X_train, X_test, y_train, y_test = train_test_split(X, y, test_size = 0.2, random_state = 0)

#### Initialize a classifier from scikit-learn and train it on the data

In [None]:
from sklearn.ensemble import RandomForestClassifier

sentiment_classifier = RandomForestClassifier(n_estimators = 1000, random_state = 0)

#### Fit and predict the results of your model 

In [None]:
'''
   In scikit-learn, an estimator for classification is a Python object that implements the methods fit(X, y) and predict(T)
   Train the classifier: Once the model is initialized, we train it to our specific dataset, Scikit-learn’s fit() method 
   allows us to do so. This is where our machine learning classifier actually learns the underlying functions that produce the results.
'''
sentiment_classifier.fit(X_train, y_train)

In [None]:
# To predict the sentiment for the documents in our test set we can use the predict method of 
# the RandomForestClassifier class

y_pred = sentiment_classifier.predict(X_test)

#### Create a confusion matrix (True/False Negatives/Positives)

In [None]:
from sklearn.metrics import confusion_matrix

cm = confusion_matrix(y_test, y_pred)

#### Evaluate your model's results using scikit-learn evaluation metrics

In [None]:
from sklearn.metrics import classification_report, confusion_matrix, accuracy_score

print(confusion_matrix(y_test,y_pred))
print(classification_report(y_test,y_pred))
print(accuracy_score(y_test, y_pred))

#### Congratulations!

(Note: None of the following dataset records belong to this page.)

End Tikhonov.

Lemma Kfun_le (R : realType) (X Y : normedModType R) (T : X -> Y) (Ts : Y -> X)
    (t : R) (x z : X) :
  Kfun T Ts t x <= Num.sqrt (`|x - Ts (T z)| ^+ 2 + t ^+ 2 * `|z| ^+ 2).
Proof.
apply: ge_inf; last by exists z.
by exists 0 => _ [? _ <-]; exact: sqrtr_ge0.
Qed.

Lemma Kfun_ge (R : realType) (X Y : normedModType R) (T : X -> Y) (Ts : Y -> X)
    (t : R) (x : X) (c : R) : 0 <= c ->
  (forall z, c ^+ 2 <= `|x - Ts (T z)| ^+ 2 + t ^+ 2 * `|z| ^+ 2) ->
  c <= Kfun T Ts t x.
Proof.
move=> c0 hc; apply: lb_le_inf; first by eexists; exists 0.
by move=> _ [z _ <-]; rewrite -(ger0_norm c0) -sqrtr_sqr ler_wsqrtr.
Qed.

Lemma pos_itvP (R : realType) (a : R) : `]0, +oo[%classic a <-> 0 < a.
Proof. rewrite /= in_itv /= andbT; exact: iff_refl. Qed.

Lemma ereal_sup_pos_le (R : realType) (f g : R -> R) :
  (forall a : R, 0 < a -> f a <= g a) ->
  (ereal_sup [set (f a)%:E | a in `]0%R, +oo[%classic]
   <= ereal_sup [set (g a)%:E | a in `]0%R, +oo[%classic])%E.
Proof.
move=> fg; apply: ge_ereal_sup => _ [a a0 <-].
apply: (@le_trans _ _ (g a)%:E); last by apply: ereal_sup_ubound; exists a.
by rewrite lee_fin fg //; apply/pos_itvP.
Qed.

Lemma sqrt_sqrD_le (R : realType) (x y : R) : 0 <= x -> 0 <= y ->
  Num.sqrt (x ^+ 2 + y ^+ 2) <= x + y.
Proof.
move=> x0 y0; apply: (@le_trans _ _ (Num.sqrt ((x + y) ^+ 2))).
  by apply: ler_wsqrtr; nra.
by rewrite sqrtr_sqr ger0_norm // addr_ge0.
Qed.

Lemma Nnu_gt0 (R : realType) (nu : R) : 0 < Nnu nu.
Proof.
rewrite /Nnu; case: ifPn => [/andP[n0 n1]|_]; last exact: ltr01.
by apply: powR_gt0; apply: mulr_gt0; apply: powR_gt0; lra.
Qed.

Lemma Nnu_eq1 (R : realType) (nu : R) : nu = 0 \/ nu = 1 -> Nnu nu = 1.
Proof. by rewrite /Nnu; case=> ->; rewrite ltxx ?andbF. Qed.

Lemma Nnu_interior (R : realType) (nu : R) : 0 < nu -> nu < 1 ->
  Num.sqrt ((1 - nu) / nu) `^ nu * Num.sqrt (1 + (Num.sqrt ((1 - nu) / nu))^-2)
  = Nnu nu.
Proof.
move=> n0 n1; rewrite /Nnu n0 n1 /=.
have q0 : 0 < (1 - nu) / nu by apply: divr_gt0; lra.
have -> : 1 + (Num.sqrt ((1 - nu) / nu))^-2 = (1 - nu)^-1.
  by rewrite sqr_sqrtr ?ltW // invf_div; field; lra.
rewrite powRN -powR12_sqrt ?ltW // -powR12_sqrt ?invr_ge0 ?subr_ge0 ?ltW //.
rewrite powRAC -powRM ?powR_ge0 ?invr_ge0 ?subr_ge0 ?ltW //.
have N0 : (nu `^ nu * (1 - nu) `^ (1 - nu)) `^ 2^-1 != 0.
  by rewrite gt_eqF // powR_gt0 // mulr_gt0 // powR_gt0 //; lra.
apply: (mulIf N0); rewrite mulVf // -powRM ?mulr_ge0 ?powR_ge0 ?invr_ge0 ?subr_ge0 ?ltW //.
have -> : ((1 - nu) / nu) `^ nu * (1 - nu)^-1 * (nu `^ nu * (1 - nu) `^ (1 - nu))
   = (((1 - nu) / nu) `^ nu * nu `^ nu) * (1 - nu) `^ (1 - nu) * (1 - nu)^-1.
  by ring.
rewrite -powRM ?ltW // divfK ?gt_eqF // -powRD; last by apply/implyP => /eqP; lra.
rewrite addrCA subrr addr0 powRr1 ?subr_ge0 ?ltW // mulfV ?gt_eqF ?powR1 //; lra.
Qed.

Section InterpolationBound.
Variables (R : realType) (K rs : R -> R) (s : R).
Hypothesis rs_ge0 : forall a, 0 <= rs a.
Hypothesis K_le : forall t a : R, 0 < t -> 0 < a ->
  K t <= Num.sqrt (rs a ^+ 2 + t ^+ 2 * (a^-1 * rs a) ^+ 2).

Let K_le_sum (t a : R) : 0 < t -> 0 < a -> K t <= rs a + t * (a^-1 * rs a).
Proof.
move=> t0 a0; apply: le_trans (K_le t0 a0) _; rewrite -exprMn.
by rewrite sqrt_sqrD_le ?rs_ge0 // !mulr_ge0 ?rs_ge0 ?invr_ge0 ?ltW.
Qed.

Lemma K_le_sup0 : (forall a : R, 0 < a -> rs a <= s) -> forall t : R, 0 < t -> K t <= s.
Proof.
move=> rs_le t t0; have s0 : 0 <= s := le_trans (rs_ge0 1) (rs_le 1 ltr01).
apply/ler_addgt0Pr => ep ep0; pose q := ep / (s + 1).
have q0 : 0 < q by rewrite divr_gt0 //; lra.
have hq : q * (s + 1) = ep by rewrite divfK // gt_eqF //; lra.
have a0 : 0 < t / q by rewrite divr_gt0.
have tq : t * (t / q)^-1 = q.
  by rewrite invf_div mulrCA mulfV ?gt_eqF // mulr1.
apply: le_trans (K_le_sum t0 a0) _; rewrite mulrA tq.
have := rs_le _ a0; have := rs_ge0 (t / q); nra.
Qed.

Lemma K_le_sup1 : (forall a : R, 0 < a -> a^-1 * rs a <= s) ->
  forall t : R, 0 < t -> K t <= t * s.
Proof.
move=> rs_le t t0; have s0 : 0 <= s.
  by apply: le_trans (rs_le 1 ltr01); rewrite invr1 mul1r.
apply/ler_addgt0Pr => ep ep0; pose q := ep / (s + 1).
have q0 : 0 < q by rewrite divr_gt0 //; lra.
have hq : q * (s + 1) = ep by rewrite divfK // gt_eqF //; lra.
have rs_q : rs q <= q * s by rewrite -ler_pdivrMl // rs_le.
apply: le_trans (K_le_sum t0 q0) _.
have : t * (q^-1 * rs q) <= t * s by apply: ler_wpM2l; [exact: ltW | exact: rs_le].
nra.
Qed.

Lemma K_le_sup_interior (nu : R) : 0 < nu < 1 ->
  (forall a : R, 0 < a -> a `^ (- nu) * rs a <= s) ->
  forall t : R, 0 < t -> t `^ (- nu) * K t <= Nnu nu * s.
Proof.
move=> /andP[n0 n1] rs_le t t0; pose l := Num.sqrt ((1 - nu) / nu).
have l0 : 0 < l by rewrite sqrtr_gt0 divr_gt0 // subr_gt0.
have tl0 : 0 < t * l by rewrite mulr_gt0.
have := rs_le _ tl0; rewrite powRN ler_pdivrMl ?powR_gt0 // => rs_tl.
have K_tl : K t <= rs (t * l) * Num.sqrt (1 + l^-2).
  apply: le_trans (K_le t0 tl0) _.
  have -> : rs (t * l) ^+ 2 + t ^+ 2 * ((t * l)^-1 * rs (t * l)) ^+ 2
      = rs (t * l) ^+ 2 * (1 + l^-2) by field; rewrite !gt_eqF.
  by rewrite sqrtrM ?exprn_ge0 // sqrtr_sqr ger0_norm.
have -> : Nnu nu * s = t `^ (- nu) * ((t * l) `^ nu * s * Num.sqrt (1 + l^-2)).
  rewrite -Nnu_interior // powRM ?ltW // powRN; field.
  by rewrite gt_eqF // powR_gt0.
rewrite ler_wpM2l ?powR_ge0 //; apply: le_trans K_tl _.
by rewrite ler_wpM2r ?sqrtr_ge0.
Qed.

You have implemented your Sentiment Analysis Model using Natural Language ToolKit and scikit-learn libraries!

+ For more practice, you can change some other machine learning algorithm to see if you can improve the performance. You can also change the parameters of the CountVectorizer class to see if you can get any improvement or use a different vectorizer, such as `TfidfVectorizer` class from scikit-learn library.